### Action item
Scanning the entries below, copy every line that contains the word "wcommVr".

___ Data in this exercise

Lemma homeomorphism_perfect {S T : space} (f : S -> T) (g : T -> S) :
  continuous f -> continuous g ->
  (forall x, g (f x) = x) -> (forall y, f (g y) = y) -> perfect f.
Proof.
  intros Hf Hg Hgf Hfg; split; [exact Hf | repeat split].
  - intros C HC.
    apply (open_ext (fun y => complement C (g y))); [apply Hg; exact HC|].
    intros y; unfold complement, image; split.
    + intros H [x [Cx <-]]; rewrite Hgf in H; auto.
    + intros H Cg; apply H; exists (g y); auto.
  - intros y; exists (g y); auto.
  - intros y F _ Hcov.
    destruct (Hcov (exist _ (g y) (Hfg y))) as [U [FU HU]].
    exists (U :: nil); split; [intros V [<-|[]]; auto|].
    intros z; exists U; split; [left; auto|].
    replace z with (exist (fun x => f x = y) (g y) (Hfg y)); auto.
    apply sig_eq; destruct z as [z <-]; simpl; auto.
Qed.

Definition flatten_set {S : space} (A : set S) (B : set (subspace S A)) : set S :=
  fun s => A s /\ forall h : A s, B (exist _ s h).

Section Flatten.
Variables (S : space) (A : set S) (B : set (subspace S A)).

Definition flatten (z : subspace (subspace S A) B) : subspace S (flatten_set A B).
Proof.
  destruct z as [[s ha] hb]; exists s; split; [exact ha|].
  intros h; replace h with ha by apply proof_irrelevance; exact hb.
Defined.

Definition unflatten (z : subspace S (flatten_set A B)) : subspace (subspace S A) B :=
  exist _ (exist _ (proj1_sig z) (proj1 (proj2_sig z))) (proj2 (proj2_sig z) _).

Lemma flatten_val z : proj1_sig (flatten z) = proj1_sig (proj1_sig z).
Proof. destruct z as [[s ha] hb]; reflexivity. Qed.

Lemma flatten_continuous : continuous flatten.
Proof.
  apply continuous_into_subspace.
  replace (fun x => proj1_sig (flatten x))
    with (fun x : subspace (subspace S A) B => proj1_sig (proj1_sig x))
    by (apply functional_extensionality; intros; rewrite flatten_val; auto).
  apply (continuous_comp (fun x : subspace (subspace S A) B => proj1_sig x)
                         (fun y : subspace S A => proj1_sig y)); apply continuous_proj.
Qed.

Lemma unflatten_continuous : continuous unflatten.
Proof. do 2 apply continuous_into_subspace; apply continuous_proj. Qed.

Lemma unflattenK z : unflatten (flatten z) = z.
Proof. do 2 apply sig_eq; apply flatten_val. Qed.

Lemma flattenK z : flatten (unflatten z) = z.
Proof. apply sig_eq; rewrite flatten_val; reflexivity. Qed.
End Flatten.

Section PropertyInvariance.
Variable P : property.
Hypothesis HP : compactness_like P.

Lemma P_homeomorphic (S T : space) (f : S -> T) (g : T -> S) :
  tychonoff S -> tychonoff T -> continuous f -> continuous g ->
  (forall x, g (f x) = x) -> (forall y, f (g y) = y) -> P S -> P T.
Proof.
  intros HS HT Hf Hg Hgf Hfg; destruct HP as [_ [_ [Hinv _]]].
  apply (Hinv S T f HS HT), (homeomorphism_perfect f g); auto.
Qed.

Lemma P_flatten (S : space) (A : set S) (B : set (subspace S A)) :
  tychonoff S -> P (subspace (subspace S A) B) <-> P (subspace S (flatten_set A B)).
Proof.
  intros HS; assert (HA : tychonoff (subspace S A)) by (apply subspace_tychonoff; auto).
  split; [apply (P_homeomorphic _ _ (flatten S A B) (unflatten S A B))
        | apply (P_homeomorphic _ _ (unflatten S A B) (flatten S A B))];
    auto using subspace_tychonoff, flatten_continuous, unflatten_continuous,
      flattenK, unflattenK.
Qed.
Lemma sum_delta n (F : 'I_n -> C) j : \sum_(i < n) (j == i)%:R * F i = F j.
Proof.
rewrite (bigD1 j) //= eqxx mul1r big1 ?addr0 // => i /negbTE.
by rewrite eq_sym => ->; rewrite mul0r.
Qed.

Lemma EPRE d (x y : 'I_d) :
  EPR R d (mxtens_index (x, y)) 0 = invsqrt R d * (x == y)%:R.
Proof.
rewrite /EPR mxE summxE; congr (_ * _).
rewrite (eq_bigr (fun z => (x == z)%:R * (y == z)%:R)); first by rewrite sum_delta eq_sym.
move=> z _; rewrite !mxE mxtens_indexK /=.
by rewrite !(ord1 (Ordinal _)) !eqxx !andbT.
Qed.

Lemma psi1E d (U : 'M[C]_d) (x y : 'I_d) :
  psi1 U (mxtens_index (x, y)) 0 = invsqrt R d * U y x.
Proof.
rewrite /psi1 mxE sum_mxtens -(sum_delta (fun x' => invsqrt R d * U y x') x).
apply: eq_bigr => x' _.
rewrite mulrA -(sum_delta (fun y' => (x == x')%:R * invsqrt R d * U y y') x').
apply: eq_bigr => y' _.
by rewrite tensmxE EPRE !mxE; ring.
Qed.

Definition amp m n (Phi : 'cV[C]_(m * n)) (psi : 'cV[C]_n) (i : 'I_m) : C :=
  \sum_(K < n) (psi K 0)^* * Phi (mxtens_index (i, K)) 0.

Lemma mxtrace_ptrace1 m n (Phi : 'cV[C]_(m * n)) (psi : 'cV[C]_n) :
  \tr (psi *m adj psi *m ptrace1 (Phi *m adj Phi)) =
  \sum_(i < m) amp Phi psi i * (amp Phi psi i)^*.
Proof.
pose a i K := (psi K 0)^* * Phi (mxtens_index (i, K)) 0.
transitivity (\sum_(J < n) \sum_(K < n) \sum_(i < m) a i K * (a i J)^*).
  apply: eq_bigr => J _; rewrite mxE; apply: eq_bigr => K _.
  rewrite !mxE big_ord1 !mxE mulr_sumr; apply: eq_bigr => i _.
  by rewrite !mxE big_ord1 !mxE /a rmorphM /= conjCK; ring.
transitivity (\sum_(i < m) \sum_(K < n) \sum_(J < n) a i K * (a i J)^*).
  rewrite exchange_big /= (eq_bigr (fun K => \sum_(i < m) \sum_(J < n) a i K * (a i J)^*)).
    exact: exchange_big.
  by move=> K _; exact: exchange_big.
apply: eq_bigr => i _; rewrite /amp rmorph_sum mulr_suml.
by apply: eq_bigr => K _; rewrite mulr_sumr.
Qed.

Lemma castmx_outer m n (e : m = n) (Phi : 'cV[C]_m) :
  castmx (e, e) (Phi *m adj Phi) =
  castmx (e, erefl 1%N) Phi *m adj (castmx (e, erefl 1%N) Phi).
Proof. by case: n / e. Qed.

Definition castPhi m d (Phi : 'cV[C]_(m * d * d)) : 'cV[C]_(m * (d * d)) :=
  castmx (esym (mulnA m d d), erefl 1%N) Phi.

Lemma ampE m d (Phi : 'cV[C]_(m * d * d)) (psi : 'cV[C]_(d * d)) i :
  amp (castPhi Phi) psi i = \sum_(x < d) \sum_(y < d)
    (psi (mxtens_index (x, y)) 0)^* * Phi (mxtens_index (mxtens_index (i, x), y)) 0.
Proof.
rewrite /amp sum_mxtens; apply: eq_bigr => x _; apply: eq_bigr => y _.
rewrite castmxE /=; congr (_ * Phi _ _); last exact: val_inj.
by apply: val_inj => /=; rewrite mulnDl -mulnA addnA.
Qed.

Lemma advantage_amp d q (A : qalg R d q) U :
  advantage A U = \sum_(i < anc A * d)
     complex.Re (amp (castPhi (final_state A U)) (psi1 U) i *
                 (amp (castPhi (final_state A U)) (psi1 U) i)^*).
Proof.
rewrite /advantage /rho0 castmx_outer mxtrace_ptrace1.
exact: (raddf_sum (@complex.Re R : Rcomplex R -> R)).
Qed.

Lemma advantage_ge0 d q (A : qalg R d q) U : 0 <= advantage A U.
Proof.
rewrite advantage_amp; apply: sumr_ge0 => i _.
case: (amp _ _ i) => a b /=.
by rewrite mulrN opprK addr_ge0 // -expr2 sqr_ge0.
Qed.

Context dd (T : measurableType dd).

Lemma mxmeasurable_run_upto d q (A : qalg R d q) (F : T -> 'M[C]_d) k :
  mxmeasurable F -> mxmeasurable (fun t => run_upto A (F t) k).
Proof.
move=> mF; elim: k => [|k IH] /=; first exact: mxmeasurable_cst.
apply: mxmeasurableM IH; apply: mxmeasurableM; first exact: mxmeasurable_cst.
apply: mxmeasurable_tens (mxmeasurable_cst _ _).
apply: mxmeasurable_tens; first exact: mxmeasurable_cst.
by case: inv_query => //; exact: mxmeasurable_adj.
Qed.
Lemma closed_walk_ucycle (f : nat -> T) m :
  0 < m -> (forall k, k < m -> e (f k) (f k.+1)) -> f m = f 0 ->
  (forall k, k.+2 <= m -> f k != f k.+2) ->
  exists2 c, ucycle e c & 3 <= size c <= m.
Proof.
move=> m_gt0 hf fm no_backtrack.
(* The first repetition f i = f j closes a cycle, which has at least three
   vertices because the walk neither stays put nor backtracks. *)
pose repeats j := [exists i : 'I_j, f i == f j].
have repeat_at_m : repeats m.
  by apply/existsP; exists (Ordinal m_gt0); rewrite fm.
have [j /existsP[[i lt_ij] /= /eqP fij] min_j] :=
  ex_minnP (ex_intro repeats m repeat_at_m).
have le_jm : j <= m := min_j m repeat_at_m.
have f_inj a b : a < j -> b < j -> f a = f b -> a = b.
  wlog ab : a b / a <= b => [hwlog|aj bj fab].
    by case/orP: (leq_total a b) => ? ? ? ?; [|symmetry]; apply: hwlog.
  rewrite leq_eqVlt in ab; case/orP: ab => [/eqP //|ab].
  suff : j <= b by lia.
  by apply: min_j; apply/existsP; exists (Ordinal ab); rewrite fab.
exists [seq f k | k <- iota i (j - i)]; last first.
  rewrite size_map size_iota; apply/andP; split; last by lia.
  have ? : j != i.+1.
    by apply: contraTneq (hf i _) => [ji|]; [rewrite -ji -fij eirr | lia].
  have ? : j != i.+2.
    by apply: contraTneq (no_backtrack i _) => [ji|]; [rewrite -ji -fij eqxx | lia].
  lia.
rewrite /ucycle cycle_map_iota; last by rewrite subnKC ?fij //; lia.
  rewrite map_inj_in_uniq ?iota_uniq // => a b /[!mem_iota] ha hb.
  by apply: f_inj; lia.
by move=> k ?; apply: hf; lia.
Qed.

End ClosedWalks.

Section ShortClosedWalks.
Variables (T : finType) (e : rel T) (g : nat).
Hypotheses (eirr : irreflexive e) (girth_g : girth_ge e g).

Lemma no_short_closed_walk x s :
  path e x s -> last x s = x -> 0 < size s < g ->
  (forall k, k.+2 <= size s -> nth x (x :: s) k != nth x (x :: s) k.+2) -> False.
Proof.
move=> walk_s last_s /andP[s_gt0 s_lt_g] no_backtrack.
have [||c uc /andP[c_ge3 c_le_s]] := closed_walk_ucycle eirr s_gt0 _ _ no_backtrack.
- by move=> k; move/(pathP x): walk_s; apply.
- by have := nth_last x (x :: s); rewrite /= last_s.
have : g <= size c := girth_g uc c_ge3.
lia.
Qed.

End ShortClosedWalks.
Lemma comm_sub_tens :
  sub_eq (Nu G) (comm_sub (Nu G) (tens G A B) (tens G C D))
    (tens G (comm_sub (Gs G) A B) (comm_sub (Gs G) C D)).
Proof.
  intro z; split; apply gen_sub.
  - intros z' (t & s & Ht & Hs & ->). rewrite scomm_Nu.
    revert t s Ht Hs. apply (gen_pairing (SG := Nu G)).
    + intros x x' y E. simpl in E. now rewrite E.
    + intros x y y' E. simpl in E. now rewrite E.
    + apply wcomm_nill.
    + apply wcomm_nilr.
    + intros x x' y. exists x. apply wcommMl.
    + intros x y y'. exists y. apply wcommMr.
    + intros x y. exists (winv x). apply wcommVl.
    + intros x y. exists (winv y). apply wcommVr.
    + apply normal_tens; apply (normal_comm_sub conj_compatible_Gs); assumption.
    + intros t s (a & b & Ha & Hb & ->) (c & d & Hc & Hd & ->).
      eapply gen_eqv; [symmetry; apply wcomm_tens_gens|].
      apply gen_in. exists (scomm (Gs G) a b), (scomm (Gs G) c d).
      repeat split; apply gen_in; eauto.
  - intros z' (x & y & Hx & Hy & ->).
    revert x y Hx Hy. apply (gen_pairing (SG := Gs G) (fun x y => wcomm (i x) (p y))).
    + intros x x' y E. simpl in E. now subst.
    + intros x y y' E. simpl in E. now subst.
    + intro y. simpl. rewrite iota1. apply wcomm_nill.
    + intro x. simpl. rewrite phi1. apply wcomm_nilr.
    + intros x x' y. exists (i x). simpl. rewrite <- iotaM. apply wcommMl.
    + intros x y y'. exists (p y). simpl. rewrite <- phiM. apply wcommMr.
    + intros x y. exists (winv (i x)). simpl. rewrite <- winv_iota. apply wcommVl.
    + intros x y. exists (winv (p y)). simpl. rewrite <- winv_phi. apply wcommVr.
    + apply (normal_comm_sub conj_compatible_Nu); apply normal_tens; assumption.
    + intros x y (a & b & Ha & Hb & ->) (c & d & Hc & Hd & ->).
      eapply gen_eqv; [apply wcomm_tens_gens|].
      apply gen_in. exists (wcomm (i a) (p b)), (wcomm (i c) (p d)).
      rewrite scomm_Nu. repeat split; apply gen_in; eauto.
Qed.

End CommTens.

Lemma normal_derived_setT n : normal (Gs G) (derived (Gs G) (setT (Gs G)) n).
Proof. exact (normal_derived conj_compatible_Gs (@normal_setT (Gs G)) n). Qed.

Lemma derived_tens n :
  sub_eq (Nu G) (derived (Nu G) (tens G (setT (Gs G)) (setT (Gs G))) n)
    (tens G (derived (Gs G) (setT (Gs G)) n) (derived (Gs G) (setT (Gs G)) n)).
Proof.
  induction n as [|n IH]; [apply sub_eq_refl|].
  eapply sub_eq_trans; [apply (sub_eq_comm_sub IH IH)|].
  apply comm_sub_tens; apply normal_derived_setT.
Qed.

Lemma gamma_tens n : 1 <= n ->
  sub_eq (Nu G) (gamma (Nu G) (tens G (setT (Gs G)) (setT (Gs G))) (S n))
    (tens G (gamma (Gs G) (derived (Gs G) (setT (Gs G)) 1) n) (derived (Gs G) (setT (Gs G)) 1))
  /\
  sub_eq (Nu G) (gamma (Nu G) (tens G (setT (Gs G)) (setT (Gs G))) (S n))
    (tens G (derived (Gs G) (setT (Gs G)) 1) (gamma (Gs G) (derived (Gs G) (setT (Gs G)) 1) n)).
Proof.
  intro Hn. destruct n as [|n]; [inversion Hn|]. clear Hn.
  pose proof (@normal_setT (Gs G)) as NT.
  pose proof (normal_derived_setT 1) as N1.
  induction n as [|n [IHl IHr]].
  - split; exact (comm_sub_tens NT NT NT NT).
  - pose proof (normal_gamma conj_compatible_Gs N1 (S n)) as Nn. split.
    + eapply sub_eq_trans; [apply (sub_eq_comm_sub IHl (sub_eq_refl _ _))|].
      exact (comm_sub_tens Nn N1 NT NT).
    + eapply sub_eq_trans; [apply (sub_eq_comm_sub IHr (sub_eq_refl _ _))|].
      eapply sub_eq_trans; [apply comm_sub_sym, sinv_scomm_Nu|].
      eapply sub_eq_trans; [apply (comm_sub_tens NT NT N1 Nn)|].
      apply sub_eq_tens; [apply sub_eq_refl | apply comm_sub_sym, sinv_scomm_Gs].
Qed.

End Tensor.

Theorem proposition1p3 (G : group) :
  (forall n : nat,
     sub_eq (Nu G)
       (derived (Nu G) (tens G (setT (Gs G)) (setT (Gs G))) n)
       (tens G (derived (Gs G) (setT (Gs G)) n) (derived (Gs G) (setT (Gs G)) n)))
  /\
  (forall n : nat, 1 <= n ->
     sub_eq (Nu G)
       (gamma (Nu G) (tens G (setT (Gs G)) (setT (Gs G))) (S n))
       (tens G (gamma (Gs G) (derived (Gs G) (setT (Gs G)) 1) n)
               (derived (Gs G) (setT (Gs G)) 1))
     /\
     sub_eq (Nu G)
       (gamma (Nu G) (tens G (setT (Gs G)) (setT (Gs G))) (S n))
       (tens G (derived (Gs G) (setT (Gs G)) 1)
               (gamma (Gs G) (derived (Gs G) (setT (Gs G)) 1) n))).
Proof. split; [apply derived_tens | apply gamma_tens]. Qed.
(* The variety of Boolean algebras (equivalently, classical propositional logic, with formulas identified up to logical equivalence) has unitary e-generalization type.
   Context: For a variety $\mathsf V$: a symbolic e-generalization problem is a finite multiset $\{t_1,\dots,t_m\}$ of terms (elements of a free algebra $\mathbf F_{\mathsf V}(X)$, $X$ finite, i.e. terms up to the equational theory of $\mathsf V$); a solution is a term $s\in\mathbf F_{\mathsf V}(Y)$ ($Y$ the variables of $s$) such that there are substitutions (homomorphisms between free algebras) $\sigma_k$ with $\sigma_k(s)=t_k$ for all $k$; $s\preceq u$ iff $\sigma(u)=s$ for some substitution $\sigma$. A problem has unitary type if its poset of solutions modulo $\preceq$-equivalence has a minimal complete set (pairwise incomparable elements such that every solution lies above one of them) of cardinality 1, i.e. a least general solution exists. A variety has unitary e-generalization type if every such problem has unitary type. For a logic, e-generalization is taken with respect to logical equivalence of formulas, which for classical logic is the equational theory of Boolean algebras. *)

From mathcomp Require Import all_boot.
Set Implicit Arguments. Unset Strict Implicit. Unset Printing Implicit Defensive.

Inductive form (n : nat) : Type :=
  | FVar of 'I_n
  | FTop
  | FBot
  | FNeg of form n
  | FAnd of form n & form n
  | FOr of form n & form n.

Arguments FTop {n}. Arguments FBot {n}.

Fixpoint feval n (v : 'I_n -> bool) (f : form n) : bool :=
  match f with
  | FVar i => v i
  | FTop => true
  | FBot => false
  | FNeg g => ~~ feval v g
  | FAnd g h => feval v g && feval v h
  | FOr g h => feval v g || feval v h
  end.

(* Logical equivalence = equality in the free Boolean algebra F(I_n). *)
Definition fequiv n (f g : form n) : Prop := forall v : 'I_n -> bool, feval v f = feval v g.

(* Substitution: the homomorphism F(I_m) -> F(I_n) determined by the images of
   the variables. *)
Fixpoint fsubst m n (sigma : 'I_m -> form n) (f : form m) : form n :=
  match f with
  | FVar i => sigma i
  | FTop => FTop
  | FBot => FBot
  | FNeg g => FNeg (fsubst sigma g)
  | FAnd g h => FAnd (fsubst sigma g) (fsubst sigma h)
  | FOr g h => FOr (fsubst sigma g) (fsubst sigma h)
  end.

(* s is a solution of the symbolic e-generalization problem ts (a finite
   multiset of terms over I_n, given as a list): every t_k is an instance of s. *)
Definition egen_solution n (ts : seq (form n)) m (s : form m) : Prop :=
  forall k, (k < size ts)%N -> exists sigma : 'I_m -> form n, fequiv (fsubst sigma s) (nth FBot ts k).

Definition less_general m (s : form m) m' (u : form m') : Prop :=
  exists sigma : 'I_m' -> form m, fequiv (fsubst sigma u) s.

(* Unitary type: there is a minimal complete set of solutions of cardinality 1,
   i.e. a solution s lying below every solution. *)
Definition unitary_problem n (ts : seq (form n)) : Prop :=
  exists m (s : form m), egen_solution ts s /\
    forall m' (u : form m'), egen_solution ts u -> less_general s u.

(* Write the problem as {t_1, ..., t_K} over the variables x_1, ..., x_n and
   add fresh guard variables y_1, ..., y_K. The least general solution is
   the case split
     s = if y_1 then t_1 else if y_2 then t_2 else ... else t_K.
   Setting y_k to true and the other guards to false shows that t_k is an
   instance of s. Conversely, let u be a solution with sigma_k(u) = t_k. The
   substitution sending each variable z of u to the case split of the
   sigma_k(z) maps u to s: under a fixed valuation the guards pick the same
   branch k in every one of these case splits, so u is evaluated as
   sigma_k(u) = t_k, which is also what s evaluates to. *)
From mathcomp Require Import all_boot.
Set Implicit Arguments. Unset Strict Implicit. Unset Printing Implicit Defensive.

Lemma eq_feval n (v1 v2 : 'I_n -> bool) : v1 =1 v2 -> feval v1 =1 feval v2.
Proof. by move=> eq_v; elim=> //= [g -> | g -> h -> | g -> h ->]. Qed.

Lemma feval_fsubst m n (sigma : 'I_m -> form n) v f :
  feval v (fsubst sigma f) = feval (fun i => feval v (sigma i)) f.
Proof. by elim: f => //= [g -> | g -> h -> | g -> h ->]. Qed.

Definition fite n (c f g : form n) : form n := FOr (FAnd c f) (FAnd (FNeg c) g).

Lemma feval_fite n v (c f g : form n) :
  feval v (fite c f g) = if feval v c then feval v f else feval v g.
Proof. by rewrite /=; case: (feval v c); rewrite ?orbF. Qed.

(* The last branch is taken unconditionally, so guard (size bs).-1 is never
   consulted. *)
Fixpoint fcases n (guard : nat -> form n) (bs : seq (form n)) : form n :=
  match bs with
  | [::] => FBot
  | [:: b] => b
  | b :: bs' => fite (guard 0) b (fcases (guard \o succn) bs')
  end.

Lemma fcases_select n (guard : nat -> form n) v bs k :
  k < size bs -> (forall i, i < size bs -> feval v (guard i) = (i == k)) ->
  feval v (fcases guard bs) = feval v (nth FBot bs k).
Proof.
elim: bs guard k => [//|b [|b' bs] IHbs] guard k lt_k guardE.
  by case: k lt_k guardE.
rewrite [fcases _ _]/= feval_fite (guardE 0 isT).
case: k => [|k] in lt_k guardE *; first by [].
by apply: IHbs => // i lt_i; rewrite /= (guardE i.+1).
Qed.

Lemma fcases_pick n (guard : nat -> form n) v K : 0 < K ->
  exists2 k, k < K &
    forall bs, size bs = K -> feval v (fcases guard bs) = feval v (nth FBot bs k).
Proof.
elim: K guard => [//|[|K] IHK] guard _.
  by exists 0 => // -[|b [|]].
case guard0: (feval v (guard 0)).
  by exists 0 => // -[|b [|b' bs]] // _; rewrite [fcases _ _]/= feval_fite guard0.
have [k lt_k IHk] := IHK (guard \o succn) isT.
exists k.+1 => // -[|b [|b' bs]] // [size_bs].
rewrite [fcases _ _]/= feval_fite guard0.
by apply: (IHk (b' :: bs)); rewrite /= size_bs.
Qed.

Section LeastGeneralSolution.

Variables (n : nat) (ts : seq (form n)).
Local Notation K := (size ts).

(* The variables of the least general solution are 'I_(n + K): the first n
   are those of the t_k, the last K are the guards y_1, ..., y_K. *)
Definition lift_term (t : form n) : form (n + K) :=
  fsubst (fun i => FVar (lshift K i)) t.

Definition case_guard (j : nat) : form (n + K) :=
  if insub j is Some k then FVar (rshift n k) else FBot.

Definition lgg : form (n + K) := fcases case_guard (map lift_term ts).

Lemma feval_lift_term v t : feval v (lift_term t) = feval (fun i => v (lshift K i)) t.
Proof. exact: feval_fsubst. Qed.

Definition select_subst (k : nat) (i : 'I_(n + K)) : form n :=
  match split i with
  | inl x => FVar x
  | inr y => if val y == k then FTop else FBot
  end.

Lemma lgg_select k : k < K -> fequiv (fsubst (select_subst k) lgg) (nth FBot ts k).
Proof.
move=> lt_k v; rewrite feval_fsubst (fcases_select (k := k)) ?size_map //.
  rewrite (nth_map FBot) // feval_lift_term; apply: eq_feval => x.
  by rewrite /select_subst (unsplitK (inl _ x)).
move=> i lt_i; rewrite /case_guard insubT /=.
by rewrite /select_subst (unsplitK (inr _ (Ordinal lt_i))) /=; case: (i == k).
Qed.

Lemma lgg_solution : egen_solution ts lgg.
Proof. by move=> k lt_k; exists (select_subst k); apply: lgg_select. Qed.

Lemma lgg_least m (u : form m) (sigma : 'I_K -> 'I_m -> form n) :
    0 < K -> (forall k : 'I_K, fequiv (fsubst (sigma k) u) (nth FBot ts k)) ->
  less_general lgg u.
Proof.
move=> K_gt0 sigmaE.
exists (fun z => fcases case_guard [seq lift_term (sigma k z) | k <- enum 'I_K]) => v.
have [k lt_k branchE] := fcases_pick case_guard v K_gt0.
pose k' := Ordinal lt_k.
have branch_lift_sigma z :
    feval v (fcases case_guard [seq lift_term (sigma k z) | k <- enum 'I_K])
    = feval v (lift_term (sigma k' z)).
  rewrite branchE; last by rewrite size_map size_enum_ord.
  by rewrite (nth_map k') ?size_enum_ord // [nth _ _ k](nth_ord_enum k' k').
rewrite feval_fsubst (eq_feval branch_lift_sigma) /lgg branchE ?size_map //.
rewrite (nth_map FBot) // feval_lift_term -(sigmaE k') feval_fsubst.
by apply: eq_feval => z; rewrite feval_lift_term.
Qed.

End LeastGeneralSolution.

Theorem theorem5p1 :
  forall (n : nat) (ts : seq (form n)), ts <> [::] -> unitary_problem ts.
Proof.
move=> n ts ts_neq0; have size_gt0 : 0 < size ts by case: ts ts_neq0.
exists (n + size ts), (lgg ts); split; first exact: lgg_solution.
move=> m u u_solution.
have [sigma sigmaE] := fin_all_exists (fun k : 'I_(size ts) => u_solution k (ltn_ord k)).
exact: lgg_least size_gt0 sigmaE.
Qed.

______

### Answer section
    + intros x y. exists (winv y). apply wcommVr.
    + intros x y. exists (winv (p y)). simpl. rewrite <- winv_phi. apply wcommVr.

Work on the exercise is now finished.